Sunday, September 04, 2011

Today's GOP - Registering the Poor to Vote is Un-American

The moral sickness that seems to be raging through the Republican Party and its Christianist puppeteers like a plague continues to be increasingly depraved. These folks - many of whom wrap themselves in religion and patriotism - strike me as principally motivated by greed, hate for others and a dangerous xenophobia. They make a mockery of the Gospel message and apparently read from Bibles that have been redacted to delete Christ's admonition to the rick to sell all of their goods, give the proceeds to the poor and follow Him. To these selfish and self-centered modern day Pharisees, it's all about amassing as much wealth as one can and giving up nothing to others less fortunate - or even supporting the nation's infrastructure. Greed and keeping as many of one's "things" is the true motivating mindset. Combined with the intolerance - and indeed hatred of anyone different - this face of conservatism and religiosity is a treatise on why one should run fleeing from Christianity. A piece in the misnamed American Thinker looks at the right's growing contempt for the poor and needy. Here's a sampling of the batshitery:

Why are left-wing activist groups so keen on registering the poor to vote? Because they know the poor can be counted on to vote themselves more benefits by electing redistributionist politicians. Welfare recipients are particularly open to demagoguery and bribery.
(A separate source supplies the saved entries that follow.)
(* Let $R$ be a local ring (i.e. $R/J(R)$ is a division ring), ${}_RM$ a finitely generated semisimple left $R$-module with $d=\dim_R(M)$, $\varphi:M\to M$ a nilpotent $R$-endomorphism with index of nilpotency $n$ ($\varphi^n=0\ne\varphi^{n-1}$), and $\sigma\in\mathrm{Hom}_R(M,M)$ arbitrary. Then the following are equivalent: (1) $C_\varphi\subseteq C_\sigma$; (2) there exist an $R$-generating set $\{y_j\in M\mid1\le j\le d\}$ of ${}_RM$ and elements $a_1,\dots,a_n\in R$ such that \[a_1\psi(y_j)+a_2\varphi(\psi(y_j))+\cdots+a_n\varphi^{n-1}(\psi(y_j))=\sigma(\psi(y_j))\] for all $1\le j\le d$ and all $\psi\in C_\varphi$.
   Context: For $\alpha\in\mathrm{Hom}_R(M,M)$, $C_\alpha=\{\psi\in\mathrm{Hom}_R(M,M)\mid\psi\circ\alpha=\alpha\circ\psi\}$. $J(R)$ is the Jacobson radical and $\dim_R$ is composition length. *)

From HB Require Import structures.
From mathcomp Require Import all_boot all_order all_algebra.
Set Implicit Arguments. Unset Strict Implicit. Unset Printing Implicit Defensive.
Import GRing.Theory.
Local Open Scope ring_scope.

Section RingDefs.
Variable R : nzRingType.

Definition left_ideal (I : R -> Prop) : Prop :=
  [/\ I 0, (forall x y, I x -> I y -> I (x + y)) & (forall r x, I x -> I (r * x))].

Definition maximal_left_ideal (I : R -> Prop) : Prop :=
  [/\ left_ideal I, ~ I 1 &
      forall K : R -> Prop, left_ideal K -> ~ K 1 ->
        (forall x, I x -> K x) -> forall x, K x -> I x].

Definition jacobson (x : R) : Prop :=
  forall I, maximal_left_ideal I -> I x.

(* R is local: R / J(R) is a division ring, i.e. it is nonzero and every
   nonzero class has a two-sided inverse in R / J(R). *)
Definition local_ring : Prop :=
  ~ jacobson 1 /\
  forall x, ~ jacobson x ->
    exists y, jacobson (y * x - 1) /\ jacobson (x * y - 1).
End RingDefs.

Section ModDefs.
Variables (R : nzRingType) (M : lmodType R).

Definition submodule (S : M -> Prop) : Prop :=
  [/\ S 0, (forall x y, S x -> S y -> S (x + y)) & (forall a x, S x -> S (a *: x))].

Definition generates (k : nat) (y : 'I_k -> M) : Prop :=
  forall m : M, exists c : 'I_k -> R, m = \sum_(j < k) c j *: y j.

Definition fin_generated : Prop := exists k (y : 'I_k -> M), generates y.

Definition semisimple : Prop :=
  forall S, submodule S -> exists T, [/\ submodule T,
    (forall x, S x -> T x -> x = 0) &
    (forall m, exists s t, [/\ S s, T t & m = s + t])].

Definition comp_series (d : nat) (S : nat -> M -> Prop) : Prop :=
  [/\ (forall i, submodule (S i)),
      (forall x, S 0%N x <-> x = 0),
      (forall x, S d x) &
      (forall i, (i < d)%N ->
        [/\ (forall x, S i x -> S i.+1 x),
            (exists x, S i.+1 x /\ ~ S i x) &
            (forall T, submodule T -> (forall x, S i x -> T x) ->
               (forall x, T x -> S i.+1 x) ->
               (forall x, T x -> S i x) \/ (forall x, S i.+1 x -> T x))])].

(* dim_R M = d : composition length *)
Definition comp_length (d : nat) : Prop := exists S, comp_series d S.

Definition centralizer (alpha : {linear M -> M}) (psi : {linear M -> M}) : Prop :=
  forall m, psi (alpha m) = alpha (psi m).
End ModDefs.

From HB Require Import structures.
From mathcomp Require Import all_boot all_order all_algebra.
From Stdlib Require Import Classical ClassicalEpsilon.
From mathcomp Require Import zify.
Set Implicit Arguments. Unset Strict Implicit. Unset Printing Implicit Defensive.
Import GRing.Theory.
Local Open Scope ring_scope.

(* J(R) annihilates the semisimple module M of finite length, so over the local
   ring R a scalar killing one nonzero element kills all of M.  Hence, for m0 with
   phi^(n-1) m0 <> 0, the vectors m0, phi m0, ..., phi^(n-1) m0 are independent
   modulo Ann(M), and their span W has a complement C.  The coordinate along
   phi^(n-1) m0 in M = W + C yields, for every x, an endomorphism in C_phi sending
   m0 to x.  If C_phi is contained in C_sigma, applying sigma through these
   endomorphisms shows that sigma agrees everywhere with the polynomial in phi that
   it is on m0.  Conversely, taking psi = id gives sigma = p(phi) on generators,
   and every psi in C_phi commutes with p(phi). *)

Section Iterates.
Variables (R : nzRingType) (M : lmodType R) (f : {linear M -> M}).

Lemma iter_linear0 k : iter k f 0 = 0.
Proof. by elim: k => //= k ->; rewrite linear0. Qed.

Lemma iter_linearD k u v : iter k f (u + v) = iter k f u + iter k f v.
Proof. by elim: k => //= k ->; rewrite linearD. Qed.

Lemma iter_linearZ k a u : iter k f (a *: u) = a *: iter k f u.
Proof. by elim: k => //= k ->; rewrite linearZ. Qed.

Lemma iter_linear_sum k (I : finType) (F : I -> M) :
  iter k f (\sum_i F i) = \sum_i iter k f (F i).
Proof.
elim/big_rec2: _ => [|i y1 y2 _ <-]; [exact: iter_linear0 | exact: iter_linearD].
Qed.

Lemma iter_nilpotent_ge n k m :
  (forall m : M, iter n f m = 0) -> (n <= k)%N -> iter k f m = 0.
Proof. by move=> fn0 le_nk; rewrite -(subnK le_nk) iterD fn0 iter_linear0. Qed.

Lemma centralizer_iter (psi : {linear M -> M}) k m :
  centralizer f psi -> psi (iter k f m) = iter k f (psi m).
Proof. by move=> fpsi; elim: k => //= k <-; rewrite fpsi. Qed.

Lemma centralizer_iter_sum (psi : {linear M -> M}) k (a : 'I_k -> R) m :
  centralizer f psi ->
  psi (\sum_(i < k) a i *: iter i f m) = \sum_(i < k) a i *: iter i f (psi m).
Proof.
move=> fpsi; rewrite linear_sum; apply: eq_bigr => i _.
by rewrite linearZ centralizer_iter.
Qed.

End Iterates.

Section Modules.
Variables (R : nzRingType) (M : lmodType R).

Definition annihilates (r : R) : Prop := forall m : M, r *: m = 0.

Lemma annihilates_scale_eq r r' (m : M) : annihilates (r - r') -> r *: m = r' *: m.
Proof. by move=> /(_ m); rewrite scalerBl => /eqP; rewrite subr_eq0 => /eqP. Qed.

Lemma left_ideal_ann_elem (t : M) : left_ideal (fun r : R => r *: t = 0).
Proof.
split=> [|a b ta tb|r a ta]; first exact: scale0r.
  by rewrite scalerDl ta tb addr0.
by rewrite -scalerA ta scaler0.
Qed.

Lemma left_idealT : left_ideal (fun _ : R => True).
Proof. by []. Qed.

Definition span_of k (y : 'I_k -> M) (v : M) : Prop :=
  exists c : 'I_k -> R, v = \sum_j c j *: y j.

Lemma span_of_submodule k (y : 'I_k -> M) : submodule (span_of y).
Proof.
split.
- by exists (fun _ => 0); rewrite big1 // => j _; rewrite scale0r.
- move=> u v [c1 ->] [c2 ->]; exists (fun j => c1 j + c2 j).
  by rewrite -big_split; apply: eq_bigr => j _; rewrite scalerDl.
- move=> b u [c ->]; exists (fun j => b * c j).
  by rewrite scaler_sumr; apply: eq_bigr => j _; rewrite scalerA.
Qed.

Lemma span_of_gen k (y : 'I_k -> M) j : span_of y (y j).
Proof.
exists (fun i => (i == j)%:R); rewrite (bigD1 j) //= eqxx scale1r big1 ?addr0 //.
by move=> i /negPf ->; rewrite scale0r.
Qed.

Lemma centralizer_on_generators k (y : 'I_k -> M) (sigma psi : {linear M -> M}) :
  generates y -> (forall j, psi (sigma (y j)) = sigma (psi (y j))) ->
  centralizer sigma psi.
Proof.
move=> gen_y comm_y m; have [c ->] := gen_y m.
rewrite !linear_sum; apply: eq_bigr => j _.
by rewrite !linearZ /= comm_y.
Qed.

Definition add_span (S : M -> Prop) (K : R -> Prop) (t : M) (v : M) : Prop :=
  exists s k, [/\ S s, K k & v = s + k *: t].

Lemma add_span_submodule S K t :
  submodule S -> left_ideal K -> submodule (add_span S K t).
Proof.
move=> [S0 SD SZ] [K0 KD KZ]; split.
- by exists 0, 0; rewrite scale0r addr0.
- move=> u v [s1 [k1 [? ? ->]]] [s2 [k2 [? ? ->]]].
  exists (s1 + s2), (k1 + k2); split; [exact: SD | exact: KD |].
  by rewrite scalerDl addrACA.
- move=> b u [s [k [? ? ->]]]; exists (b *: s), (b * k); split; [exact: SZ | exact: KZ |].
  by rewrite scalerDr scalerA.
Qed.

Definition no_intermediate (S S' : M -> Prop) : Prop :=
  forall T, submodule T -> (forall x, S x -> T x) -> (forall x, T x -> S' x) ->
    (forall x, T x -> S x) \/ (forall x, S' x -> T x).

Lemma add_span_dichotomy S S' K t :
  submodule S -> submodule S' -> (forall x, S x -> S' x) -> no_intermediate S S' ->
  left_ideal K -> S' t ->
  (forall v, add_span S K t v -> S v) \/ (forall v, S' v -> add_span S K t v).
Proof.
move=> subS [_ S'D S'Z] SS' SS'min subK S't.
apply: SS'min; first exact: add_span_submodule.
  by case: subK => K0 _ _ v Sv; exists v, 0; rewrite scale0r addr0.
by move=> v [s [k [Ss _ ->]]]; apply: S'D; [exact: SS' | exact: S'Z].
Qed.

Lemma ann_elem_maximal S S' T (t : M) :
  submodule S -> submodule S' -> submodule T ->
  (forall x, S x -> S' x) -> no_intermediate S S' ->
  (forall x, S x -> T x -> x = 0) -> S' t -> T t -> t != 0 ->
  maximal_left_ideal (fun r : R => r *: t = 0).
Proof.
move=> subS subS' [_ TD TZ] SS' SS'min disjST S't Tt t_neq0.
split; [exact: left_ideal_ann_elem | by rewrite scale1r; apply/eqP |].
move=> K subK notK1 annK a Ka.
have [span_in_S | S'_in_span] := add_span_dichotomy subS subS' SS' SS'min subK S't.
  apply: disjST; last exact: TZ.
  by apply: span_in_S; exists 0, a; rewrite add0r; split=> //; case: subS.
have [s [k [Ss Kk Et]]] := S'_in_span t S't.
have s_eq : s = (1 - k) *: t by rewrite scalerBl scale1r {1}Et addrK.
have /annK K1k : (1 - k) *: t = 0.
  apply: disjST; first by rewrite -s_eq.
  by rewrite scalerBl scale1r -scaleN1r; apply: TD => //; exact: TZ (TZ _ _ Tt).
by case: subK => _ KD _; have := KD _ _ K1k Kk; rewrite subrK.
Qed.

(* Each simple factor S_(i+1)/S_i is isomorphic to R t for t in a complement of
   S_i, and Ann(t) is a maximal left ideal, hence contains J(R). *)
Lemma jacobson_annihilates d (S : nat -> M -> Prop) :
  comp_series d S -> semisimple M -> forall j, jacobson j -> annihilates j.
Proof.
move=> [subS S0 Sd Sstep] ssM j Jj.
suff Sj : forall i, (i <= d)%N -> forall x, S i x -> j *: x = 0.
  by move=> m; exact: (Sj d).
elim=> [|i IH] lt_id x Six; first by move/S0: Six ->; rewrite scaler0.
have [SS' _ SS'min] := Sstep i lt_id.
have [T [subT disjST decST]] := ssM _ (subS i).
have [s [t [Ss Tt x_eq]]] := decST x.
rewrite x_eq scalerDr (IH (ltnW lt_id) _ Ss) add0r.
have S't : S i.+1 t.
  have [_ S'D S'Z] := subS i.+1.
  have -> : t = x + (-1) *: s by rewrite x_eq scaleN1r addrAC subrr add0r.
  by apply: S'D => //; apply: S'Z; apply: SS'.
have [->|t_neq0] := eqVneq t 0; first by rewrite scaler0.
exact: (Jj _ (ann_elem_maximal (subS i) (subS i.+1) subT SS' SS'min disjST S't Tt t_neq0)).
Qed.

Lemma comp_series_generates d (S : nat -> M -> Prop) :
  comp_series d S -> exists y : 'I_d -> M, generates y.
Proof.
move=> [subS S0 Sd Sstep].
have new_elem (i : 'I_d) : {x | S i.+1 x /\ ~ S i x}.
  by apply: constructive_indefinite_description; have [_ ? _] := Sstep i (ltn_ord i).
pose y i := sval (new_elem i); exists y => m.
suff spanS : forall i, (i <= d)%N -> forall x, S i x -> span_of y x.
  exact: spanS (Sd m).
have [span0 spanD spanZ] := span_of_submodule y.
elim=> [|i IH] lt_id x Six; first by move/S0: Six => ->.
pose i0 : 'I_d := Ordinal lt_id.
have [S'y notSy] := svalP (new_elem i0).
have [SS' _ SS'min] := Sstep i lt_id.
have [span_in_S | S'_in_span] :=
  add_span_dichotomy (subS i) (subS i.+1) SS' SS'min left_idealT S'y.
  case: notSy; apply: span_in_S; exists 0, 1.
  by rewrite scale1r add0r; split=> //; case: (subS i).
have [s [r [Ss _ ->]]] := S'_in_span x Six.
by apply: spanD; [exact: IH (ltnW lt_id) _ Ss | apply: spanZ; exact: (span_of_gen y i0)].
Qed.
Registering them to vote is like handing out burglary tools to criminals. It is profoundly antisocial and un-American to empower the nonproductive segments of the population to destroy the country -- which is precisely why Barack Obama zealously supports registering welfare recipients to vote.

Encouraging those who burden society to participate in elections isn't about helping the poor. It's about helping the poor to help themselves to others' money. It's about raw so-called social justice. It's about moving America ever farther away from the small-government ideals of the Founding Fathers.

Throughout the late 1960s and early 1970s, political support grew for a guaranteed annual income plan. President Nixon supported the proposal and it came within a hair's breadth of passing Congress in 1972.

The movement was aided by Goldberg v. Kelly, a monstrously wrongheaded piece of judge-made law. In the landmark 1970 decision, the Supreme Court ruled 5 to 3 that the "brutal need" of a poor welfare recipient outweighed society's interest in trying to prevent welfare fraud.

[The] long campaign to bring vast numbers of unproductive people into the political process culminated in the 1993 enactment of the Motor-Voter law. That law turned welfare offices into voter registration centers and encouraged nonprofit groups to conduct registration drives. It also opened the door to massive voter fraud.

The Founders anticipated redistributionist attacks on the Constitution. As Benjamin Franklin supposedly said, "When the people find that they can vote themselves money, that will herald the end of the republic."


Because of attitudes like this - this total inability to see the common humanity in others - that predominate conservative Christianity, I find it increasingly difficult to have anything to do with Christianity. I most assuredly cannot be a Republican when this mindset seems to totally dominate today's party.